How to use private IP for proxmox cluster nodes to communicate

proxuser10

New Member
May 14, 2025
11
0
1
I have two dedicated machines in hetzner with public IPs. They are connected to a vSwitch with a private IP on a bridge that spans that VLAN connection. I created a cluster from host 1 using 172.16.1.2 as link 0. When I try to join host 2 to the cluster the dialog shows that host2 is using public IP of host 1 to authenticate when joining. Is that connection to the public IP of host 1 a one-time thing?
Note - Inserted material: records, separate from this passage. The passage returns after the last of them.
(* Let $G=(V,E)$ be a finite connected graph (loops allowed) and let $W_0=(G,w^0)$ and $W_1=(G,w^1)$ be two networks on $G$ such that there is a vertex $v\in V$ with $w^0_{v,v}<w^1_{v,v}$, and $w^0_{u,x}=w^1_{u,x}$ for every other edge $(u,x)\neq(v,v)$. Denote by $\gamma^0$ and $\gamma^1$ the spectral gaps of the random walks on $W_0$ and $W_1$ respectively. Then $\gamma^1\le\gamma^0$.
   Context: A network $(G,w)$ is a connected graph with nonnegative edge weights $w$ (including possibly weights $w_{v,v}$ on self-loops). The random walk on it moves from $u$ to $x$ with probability proportional to $w_{u,x}$; its stationary distribution is $\pi(u)=w_u/Z$ with $w_u=\sum_{e\ni u}w_e$ and $Z=\sum_u w_u$. The spectral gap is $1-\lambda_2$, where $\lambda_2$ is the second largest eigenvalue of the (reversible) transition matrix. *)

From HB Require Import structures.
From mathcomp Require Import all_boot all_order all_algebra.
From mathcomp Require Import polyrcf.
Set Implicit Arguments. Unset Strict Implicit. Unset Printing Implicit Defensive.
Import Order.TTheory GRing.Theory Num.Theory.
Local Open Scope ring_scope.

(* Vertices are 'I_n.  A graph is an adjacency relation G (loops allowed);
   edge weights are a function w : 'I_n -> 'I_n -> R, with w u x = w_{u,x}. *)

Definition sym_graph n (G : rel 'I_n) := forall u x, G u x = G x u.
Definition connected_graph n (G : rel 'I_n) := forall u x, connect G u x.

(* w_u = sum_{e ∋ u} w_e (a loop at u contributes w_{u,u} once) *)
Definition wdeg (R : numDomainType) n (w : 'I_n -> 'I_n -> R) (u : 'I_n) : R :=
  \sum_(x < n) w u x.

(* (G,w) is a network: nonnegative symmetric weights supported on the edges
   of G; we also require w_u > 0 so that the random walk is well defined. *)
Definition is_network (R : numDomainType) n (G : rel 'I_n)
    (w : 'I_n -> 'I_n -> R) :=
  [/\ forall u x, w u x = w x u,
      forall u x, 0 <= w u x,
      forall u x, w u x != 0 -> G u x
    & forall u, 0 < wdeg w u].

Definition transition (R : numFieldType) n (w : 'I_n -> 'I_n -> R) : 'M[R]_n :=
  \matrix_(u, x) (w u x / wdeg w u).

Definition eigenvalues (R : rcfType) n (A : 'M[R]_n) : seq R :=
  flatten [seq nseq (mup x (char_poly A)) x | x <- rootsR (char_poly A)].

Definition lambda2 (R : rcfType) n (A : 'M[R]_n) : R :=
  nth 0 (sort (fun x y : R => y <= x) (eigenvalues A)) 1.

Definition spectral_gap (R : rcfType) n (w : 'I_n -> 'I_n -> R) : R :=
  1 - lambda2 (transition w).

From HB Require Import structures.
From mathcomp Require Import all_boot all_order all_algebra.
From mathcomp Require Import polyrcf complex spectral sesquilinear.
From mathcomp Require Import ring.
Import Order.TTheory GRing.Theory Num.Theory.
Local Open Scope ring_scope.
Local Open Scope sesquilinear_scope.
Set Implicit Arguments. Unset Strict Implicit. Unset Printing Implicit Defensive.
I am trying to have the proxmox cluster over the 172.16.1.0 network rather than on the public network. How do I do that?

I can ping from 172.16.1.2 to 172.16.1.3 and back Port 8006 also shows as open

on host 1
code_language.shell:
auto enp5s0.4000
iface enp5s0.4000 inet static
address 172.16.1.2/24
vlan-raw-device enp5s0
mtu 1400

on host 2
code_language.shell:
auto enp5s0.4000
iface enp5s0.4000 inet static
address 172.16.1.3/24
vlan-raw-device enp5s0
mtu 1400

Thank you for your time!
 
Last edited:
Thank you. The pvecm command was what I was looking for. The private IP failed hostname verification. I added two entries for both hosts in /etc/hosts, on each host. Looks like the connection fails still for hostname. I am able to ssh into root@172.16.1.2 successfully when run standalone. What could be missing?

code_language.shell:
pvecm add 172.16.1.2 --link0 172.16.1.3
Please enter superuser (root) password for '172.16.1.2': *******
Establishing API connection with host '172.16.1.2'
The authenticity of host '172.16.1.2' can't be established.
X509 SHA256 key fingerprint is xyz
Are you sure you want to continue connecting (yes/no)? yes
500 Can't connect to 172.16.1.2:8006 (hostname verification failed)
 
Last edited:
Use hostnamectl to make sure both hosts have their proper FQDN hostname set, double check /etc/hosts are identical (eg. 10.0.0.1 hostname hostname.domain.tld). Did you change host names on either host at one point?
 
I dont see the fqdn with hostnamectl. Only hostname. But hostname -f lists the fqdn correctly. I tried pinging by fqdn and that works too. I copied the two lines from one /etc/hosts to the other. I have verified that they are identical. However, the order in my /etc/hosts file is 10.0.0.1 hostname.domain.tld hostname.My hostname is just proxmox1 and proxmox2 though. I havent changed it since I set it up.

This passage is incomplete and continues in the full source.